Alors que les Nations unies ont condamné ces démo­li­tions, sans mesures pénales, la simple condam­nation ne répond pas aux obli­ga­tions des Nations Unies de main­tenir la paix et la sécurité et d’assurer le respect des droits de l’Homme et des libertés fon­da­men­tales. Selon la loi inter­na­tionale, l’Etat est obligé d’empêcher ces faits, d’enquêter et d’y remédier, et s’il ne le fait pas, c’est à la com­mu­nauté inter­na­tionale qu’incombe une pro­tection efficace des vic­times. La vio­lence exercée par des acteurs privés (les colons) ne devraient pas être consi­dérées comme de simples pro­vo­ca­tions mais comme faisant partie d’une poli­tique déli­bérée appuyée par l’autorité de l’Etat. En se contentant de décla­ra­tions, l’ONU, les états et les orga­ni­sa­tions inter­na­tio­nales ne répondent pas d’une manière adé­quate aux attaques contre les droits de l’homme per­pé­trées par Israël, ce qui favorise la crise huma­ni­taire et mine le pro­cessus de paix.

En fait, même si les décla­ra­tions récentes de Neta­nyahou étaient jugées sin­cères, les actions d’Israël consti­tuent un rejet fla­grant du pro­cessus de paix et des docu­ments sur les­quels il s’appuie, y compris les Accords d’Oslo qui ren­voient les colonies à un stade final et la Feuille de Route qui interdit purement et sim­plement l’expansion des colonies. Sous couvert de ses appels à une reprise des négo­cia­tions de paix, Israël viole les droits de ses propres citoyens pales­ti­niens. Les forces israé­liennes ont démoli Al Araqib, village bédouin du Néguev, quatre fois du 27 juillet au 17 août, déplaçant 300 Pales­ti­niens, citoyens d’Israël, au début du mois de Ramadan (mois saint pour les musulmans) et les obli­geant à subir une récente vague de chaleur en plein air sur l’emplacement de leur cime­tière. Selon M K Talabal-​​Sana ; il s’agit d’un test pour la démo­cratie en Israël, et la démo­cratie n’existe plus. Al Araqib est un test de la pos­si­bilité pour les Israé­liens de vivre avec leurs propres conci­toyens pales­ti­niens ; alors comment Israël peut-​​elle vivre en paix avec les Pales­ti­niens de Palestine ?

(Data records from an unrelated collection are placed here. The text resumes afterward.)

Lemma g_mul_ln_partn [n N] : (0 < n)%N -> (n <= N)%N ->
  g n * ln n%:R =
  \sum_(p < N.+1 | (p : nat) \in primes n) g (n`_p)%N * ln (n`_p)%N%:R * g (n`_p^')%N.
Proof.
move=> n0 nN.
have nE : (n%:R : R) = \prod_(0 <= p < N.+1) (n`_p)%N%:R.
  rewrite -natr_prod -[in LHS](partnT n0) (widen_partn _ nN).
  by congr _%:R; apply: eq_bigr => p _; rewrite p_part.
rewrite nE ln_prod => [|p _]; last by rewrite ltr0n part_gt0.
rewrite mulr_sumr big_mkord [RHS]big_mkcond /=; apply: eq_bigr => p _.
case: ifP => pn; first by rewrite mulrAC -gM ?part_gt0 ?coprime_partC // partnC.
by rewrite (eqP (_ : n`_p == 1)%N) ?ln1 ?mulr0 // p_part_eq1 pn.
Qed.

Lemma sum_g_ln_le_cheb N :
  \sum_(0 <= n < N.+1 | (0 < n)%N) g n * ln n%:R <=
  \sum_(0 <= m < N.+1 | (0 < m)%N) g m * cheb_g g (N%:R / m%:R).
Proof.
pose T := ('I_N.+1 * 'I_N.+1)%type.
pose F (mq : T) := g mq.2 * ln (mq.2 : nat)%:R * g mq.1.
pose A := [pred np : T | (0 < np.1)%N && ((np.2 : nat) \in primes np.1)].
pose B := [pred mq : T | (0 < mq.1)%N && (is_pp 1 mq.2 && (mq.2 * mq.1 <= N)%N)].
pose split (np : T) : T := (inord (np.1`_np.2^')%N, inord (np.1`_np.2)%N).
pose join (mq : T) : T := (inord (mq.2 * mq.1), inord (pdiv mq.2)).
have splitE np : np \in A ->
    (split np).1 = (np.1`_np.2^')%N :> nat /\ (split np).2 = (np.1`_np.2)%N :> nat.
  case: np => n p /andP[/= n0 _]; rewrite /= !inordK // ltnS;
  by apply: leq_trans (dvdn_leq n0 (dvdn_part _ _)) _; rewrite -ltnS.
have splitK : {in A, cancel split join}.
  move=> [n p] npA; have [e1 e2] := splitE _ npA; case/andP: npA => /= n0 pn.
  by rewrite /join e1 e2 /= partnC // pdiv_partn // !inord_val.
have split_sub : {subset split @: A <= B}.
  move=> _ /imsetP[[n p] npA ->]; have [e1 e2] := splitE _ npA.
  case/andP: npA => /= n0 pn.
  by rewrite inE /= e1 e2 part_gt0 partnC // is_pp_partn // -ltnS ltn_ord.
have lhsE : \sum_(0 <= n < N.+1 | (0 < n)%N) g n * ln n%:R = \sum_(np in A) F (split np).
  rewrite big_mkord; under eq_bigr => n n0 do rewrite (g_mul_ln_partn n0 (ltn_ord n)).
  rewrite pair_big_dep; apply: eq_big => // np npA.
  by have [e1 e2] := splitE _ npA; rewrite /F e1 e2.
have rhsE : \sum_(0 <= m < N.+1 | (0 < m)%N) g m * cheb_g g (N%:R / m%:R) =
    \sum_(mq in B) F mq.
  have -> : \sum_(mq in B) F mq = \sum_(m : 'I_N.+1 | (0 < m)%N)
      \sum_(q : 'I_N.+1 | is_pp 1 q && (q * m <= N)%N) F (m, q) by rewrite pair_big_dep.
  rewrite big_mkord; apply: eq_bigr => m m0.
  by rewrite cheb_g_div // mulr_sumr; apply: eq_bigr => q _; rewrite mulrC.
rewrite lhsE rhsE -big_imset; last exact: can_in_inj splitK.
apply: ler_sum_subset split_sub _ => mq _.
by rewrite /F mulr_ge0 ?mulr_ge0 ?ln_nat_ge0.
Qed.

Lemma sum_g_ge0 N : 0 <= sum_g g N.
Proof. exact: sumr_ge0. Qed.

Lemma sum_gdiv_ge0 N : 0 <= sum_gdiv g N.
Proof. by apply: sumr_ge0 => n _; rewrite divr_ge0. Qed.

Lemma sum_gS N : sum_g g N.+1 = sum_g g N + g N.+1.
Proof. by rewrite /sum_g big_mkcond big_nat_recr //= -big_mkcond. Qed.

Lemma sum_gdivS N : sum_gdiv g N.+1 = sum_gdiv g N + g N.+1 / N.+1%:R.
Proof. by rewrite /sum_gdiv big_mkcond big_nat_recr //= -big_mkcond. Qed.

Lemma sum_gdiv_split [M N] : (M <= N)%N ->
  sum_gdiv g N = sum_gdiv g M + \sum_(0 <= n < N.+1 | (0 < n)%N && (M < n)%N) g n / n%:R.
Proof.
move=> MN; rewrite /sum_gdiv (bigID (fun n => n <= M)%N) /=; congr (_ + _).
  by rewrite [in RHS](big_nat_widen 0 M.+1 N.+1).
by apply: eq_bigl => n; rewrite -ltnNge.
Qed.

Lemma le_sum_gdiv [M N] : (M <= N)%N -> sum_gdiv g M <= sum_gdiv g N.
Proof.
by move=> MN; rewrite (sum_gdiv_split MN) lerDl; apply: sumr_ge0 => n _; rewrite divr_ge0.
Qed.

Lemma sum_gnE u v : 0 <= u -> u <= v ->
  sum_gn g u v = sum_gdiv g (Num.truncn v) - sum_gdiv g (Num.truncn u).
Proof.
move=> u0 uv; rewrite (sum_gdiv_split (le_truncn uv)) addrAC subrr add0r.
by apply: eq_bigl => n; rewrite truncn_lt_nat.
Qed.

Lemma sum_gn0E x : sum_gn g 0 x = sum_gdiv g (Num.truncn x).
Proof. by apply: eq_bigl => n; rewrite ltr0n andbb. Qed.

Lemma sum_gdiv_abel M k : (0 < M)%N ->
  sum_gdiv g (M + k) - sum_gdiv g M = sum_g g (M + k) / (M + k)%:R - sum_g g M / M%:R +
    \sum_(M <= n < M + k) sum_g g n / (n%:R * n.+1%:R).
Proof.
move=> M0; elim: k => [|k IH]; first by rewrite addn0 big_geq // !subrr addr0.
rewrite addnS sum_gdivS sum_gS big_nat_recr /= ?leq_addr //.
have M0' : (0 : R) < M%:R by rewrite ltr0n.
have k0 : (0 : R) <= k%:R by [].
rewrite -[sum_gdiv g (M + k)](subrK (sum_gdiv g M)) IH.
by rewrite natrD -!natr1; field; rewrite !gt_eqF //; lra.
Qed.
Lemma fsum_fsetX (R : realType) (T1 T2 : choiceType) (h : T1 * T2 -> R)
    (X : {fset T1}) (Y : {fset T2}) :
  (forall p, h p != 0 -> p.1 \in X /\ p.2 \in Y) ->
  \sum_(p \in [set: T1 * T2]) h p = \sum_(ij : X * Y) h (val ij.1, val ij.2).
Proof.
move=> hXY; rewrite (@fsum_pair _ _ _ _ [set` X] [set` Y]) ?finite_fset //.
rewrite (fsum_fset (X := X)) => [|u]; last first.
  by move=> /(@fsbigN1 _ _ _ _ _ setT (fun u v => h (u, v)) u)[v _ /hXY[]].
transitivity (\sum_(i : X) \sum_(j : Y) h (val i, val j)); last by rewrite pair_bigA.
by apply: eq_bigr => i _; rewrite (fsum_fset (X := Y)) // => v /hXY[].
Qed.

Section UnitBoxMinimum.
Variables (R : realType) (I : finType).
Local Notation V := {ptws I -> R}.

Lemma continuous_sum (X : Type) (r : seq X) (g : X -> V -> R) :
  (forall x, continuous (g x)) -> continuous (fun f => \sum_(x <- r) g x f).
Proof.
move=> gc; elim: r => [|x r IH].
  have -> : (fun f : V => \sum_(x <- [::]) g x f) = fun=> 0.
    by apply: funext => f; rewrite big_nil.
  exact: cst_continuous.
have -> : (fun f : V => \sum_(y <- x :: r) g y f) = fun f => g x f + \sum_(y <- r) g y f.
  by apply: funext => f; rewrite big_cons.
by move=> f; apply: continuousD; [exact: gc|exact: IH].
Qed.

Lemma continuous_coord (i : I) : continuous (fun f : V => f i).
Proof. exact: (@proj_continuous I (fun=> R) i). Qed.

Lemma closed_eqs (J : Type) (phi : J -> V -> R) (k : J -> R) :
  (forall j, continuous (phi j)) -> closed [set f | forall j, phi j f = k j].
Proof.
move=> phic; have -> : [set f | forall j, phi j f = k j] =
    \bigcap_(j in [set: J]) (phi j @^-1` [set k j]).
  by apply/seteqP; split => f /= fk j; [move=> _|]; exact: fk.
apply: closed_bigI => j _; apply: preimage_closed; last exact: closed_eq.
by move=> f _; exact: phic.
Qed.

Lemma unit_box_argmin (M : set V) (G : V -> R) : closed M -> continuous G ->
  ([set f : V | forall i, 0 <= f i <= 1] `&` M) !=set0 ->
  exists2 f, ([set f : V | forall i, 0 <= f i <= 1] `&` M) f &
    forall g, ([set f : V | forall i, 0 <= f i <= 1] `&` M) g -> G f <= G g.
Proof.
move=> Mc Gc ne.
have -> : [set f : V | forall i, 0 <= f i <= 1] = [set f | forall i, `[0, 1]%classic (f i)].
  by apply/seteqP; split => f /= f01 i; move: (f01 i); rewrite /= in_itv.
have cK : compact ([set f : V | forall i, `[0, 1]%classic (f i)] `&` M).
  by apply: compact_closedI Mc; exact: tychonoff (fun=> @segment_compact R 0 1).
have [f fK fmin] := compact_EVT_min ne cK (continuous_subspaceT Gc).
by exists f; [rewrite inE in fK | move=> g Kg; apply: fmin; rewrite inE].
Qed.

End UnitBoxMinimum.

Section OptimalCoupling.
Variables (R : realType) (S : countType) (mu nu : S -> R).
Hypotheses (mud : is_distr mu) (nud : is_distr nu).
Local Notation A := (fsupp mu).
Local Notation B := (fsupp nu).

(* A coupling of [mu] and [nu] lives on [fsupp mu * fsupp nu], so couplings are
   tables over that finite type; they form a compact polytope on which a linear
   cost attains its minimum. *)
Definition marginal_tables : set {ptws A * B -> R} :=
  [set f | forall i, \sum_(j : B) f (i, j) = mu (val i)] `&`
  [set f | forall j, \sum_(i : A) f (i, j) = nu (val j)].

Definition table (w : S * S -> R) : {ptws A * B -> R} := fun ij => w (val ij.1, val ij.2).

Definition of_table (f : A * B -> R) (p : S * S) : R :=
  \sum_(ij | (val ij.1, val ij.2) == p) f ij.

Les démo­li­tions et le refus des droits de l’Homme les plus essen­tiels, tels que un toit sur la tête, sont des traits du régime d’apartheid d’Israël et sont révé­la­teurs des cause pro­fondes des crises huma­ni­taires dans les Ter­ri­toires Occupés. Au mieux, les récentes démo­li­tions effec­tuées par Israël peuvent être consi­dérées comme des ten­ta­tives de colo­ni­sation, au pire on peut les inter­préter comme du net­toyage ethnique.

Si l’on prend en compte ces actes, on ne peut qu’être dubi­tatif sur la bonne foi sur laquelle s’appuient les der­niers appels en faveur de dis­cus­sions de paix. Nous en appelons aux états, à l’ONU, aux orga­ni­sa­tions inter­na­tio­nales et plus lar­gement à la com­mu­nauté inter­na­tionale pour mettre en accord les pour­parlers de paix et les lois huma­ni­taires et des droits de l’Homme dans un effort pour créer un envi­ron­nement où la paix soit effec­ti­vement recherchée au lieu de sous­crire en paroles seulement à la paix dans un contexte de démo­li­tions et de dépla­ce­ments de populations.